John Calvin, Institutes of the Christian Religion (Library of Christian Classics, vols. 20-21; McNeill / Battles; Westminster, 1960), 2.8.3.
“First, by comparing the righteousness of the law with our life, we learn how far we are from conforming to God’s will. And for this reason we are unworthy to hold our place among his creatures – still less to be accounted his children. Secondly, in considering our powers, we learn that they are not only too weak to fulfill the law, but utterly nonexistent. From this necessarily follows mistrust of our own virtue, then anxiety and trepidation of mind. For the conscience cannot bear the weight of iniquity without soon coming before God’s judgment. Truly, God’s judgment cannot be felt without evoking the dread of death. So also, constrained by the proofs of its impotence, conscience cannot but fall straightaway into deep despair of its own powers. Both these emotions engender humility and self-abasement. Thus it finally comes to pass that man, thoroughly frightened by the awareness of eternal death, which he sees as justly threatening him because of his own unrighteousness, betakes himself to God’s mercy alone, as the only haven of safety. Thus, realizing that he does not possess the ability to pay to the law what he owes, and despairing in himself, he is moved to seek and await help from another quarter.”

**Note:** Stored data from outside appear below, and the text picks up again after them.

Lemma tangent_point a b k t0 P Q :
  (forall t, std_conic a b (padd P (pscale t (psub Q P))) = k * (t - t0) ^+ 2) ->
  exists T, [/\ std_conic a b T = 0, on_polar a b T P & on_polar a b T Q].
Proof.
move=> H; pose V := psub Q P; pose T := padd P (pscale t0 V).
have HT s : std_conic a b (padd T (pscale s V)) = k * s ^+ 2.
  have -> : padd T (pscale s V) = padd P (pscale (t0 + s) (psub Q P)).
    by rewrite /T /V /padd /pscale /=; congr (_, _); ring.
  by rewrite H addrAC subrr add0r.
set S := std_conic a b T; set L := dot (polar_normal a b T) V.
have hs s : S + 2 * s * L + s ^+ 2 * (b * V.1 ^+ 2 + a ^+ 2 * V.2 ^+ 2) = k * s ^+ 2.
  by rewrite -HT std_conic_shift.
have := hs 0; have := hs 1; have := hs (-1); rewrite sqrrN expr1n expr0n /=.
move=> hm h1 h0.
have S0 : S = 0 by lra.
have L0 : L = 0 by lra.
have onT s : on_polar a b T (padd T (pscale s V)).
  by rewrite /on_polar polar_normal_dot -/S -/L S0 L0 mulr0 !addr0.
exists T; split => //.
- have -> : P = padd T (pscale (- t0) V).
    by rewrite [LHS]surjective_pairing /T /V /padd /pscale /=; congr (_, _); ring.
  exact: onT.
- have -> : Q = padd T (pscale (1 - t0) V).
    by rewrite [LHS]surjective_pairing /T /V /padd /pscale /psub /=; congr (_, _); ring.
  exact: onT.
Qed.

(* (s : w) is a homogeneous parameter on the ellipse, (1 : 0) giving (-a, 0);
   tangents_meet is the pole of the chord joining the points of parameters (s : w)
   and (s' : w'), and is the point itself when they coincide. *)
Definition param_form a b s w s' w' := a ^+ 2 * w * w' + b * s * s'.

Definition tangents_meet a b s w s' w' : pt R :=
  (a * (a ^+ 2 * w * w' - b * s * s') / param_form a b s w s' w',
   a * b * (s * w' + s' * w) / param_form a b s w s' w').
Lemma feq_refl {C D} (F : functor C D) : feq F F.
Proof. split; reflexivity. Qed.

Lemma feq_sym {C D} (F G : functor C D) : feq F G -> feq G F.
Proof. intros [H1 H2]; split; intros; symmetry; auto. Qed.

Lemma feq_trans {C D} (F G H : functor C D) : feq F G -> feq G H -> feq F H.
Proof. intros [H1 H2] [H3 H4]; split; intros; [rewrite H1|rewrite H2]; auto. Qed.

Lemma feq_compF {C D E} (G G' : functor D E) (F F' : functor C D) :
  feq G G' -> feq F F' -> feq (compF G F) (compF G' F').
Proof. intros [H1 H2] [H3 H4]; split; intros; simpl; [rewrite H3|rewrite H4]; auto. Qed.

Lemma compF_assoc {A B C D} (H : functor C D) (G : functor B C) (F : functor A B) :
  feq (compF H (compF G F)) (compF (compF H G) F).
Proof. split; intros; reflexivity. Qed.

Lemma compF_idl {A B} (F : functor A B) : feq (compF (idF B) F) F.
Proof. split; intros; reflexivity. Qed.

Lemma is_id_idm {N : cat} (A : ob N) : is_id (idm A).
Proof. exists A; reflexivity. Qed.

Lemma is_id_dom {N : cat} (f : ar N) : is_id f -> f = idm (dom f).
Proof. intros [A ->]. rewrite dom_idm. reflexivity. Qed.

Lemma is_id_dom_cod {N : cat} (f : ar N) : is_id f -> dom f = cod f.
Proof. intros [A ->]. rewrite dom_idm, cod_idm. reflexivity. Qed.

This is the kind of passage that some people would point to in an attempt to indict Calvin’s teaching as being psychological damaging. The emphasis on guilt and human depravity, they might claim, is akin to psychological abuse. God, they might assert, loves us and is interested in our flourishing, not in our being damaged by such obviously unbalanced theologians.

Suffice it to say that I think that this line of argument is unhelpful, and I would like to draw your attention to the fact that, as can be seen above, the emphasis on guilt and human depravity is not an end in itself, but is ordered toward salvation and God’s mercy. It is true that God is interested in our flourishing because God loves us. But it is no less true that in our sinful state, we are unable to truly flourish unless we recognize our unrighteousness and find salvation in God’s mercy as given to us in Christ.

On this note, may you all enjoy a blessed Easter as we celebrate Jesus Christ, on whom God's judgment fell once and for all, so that we might be reconciled to God in Christ.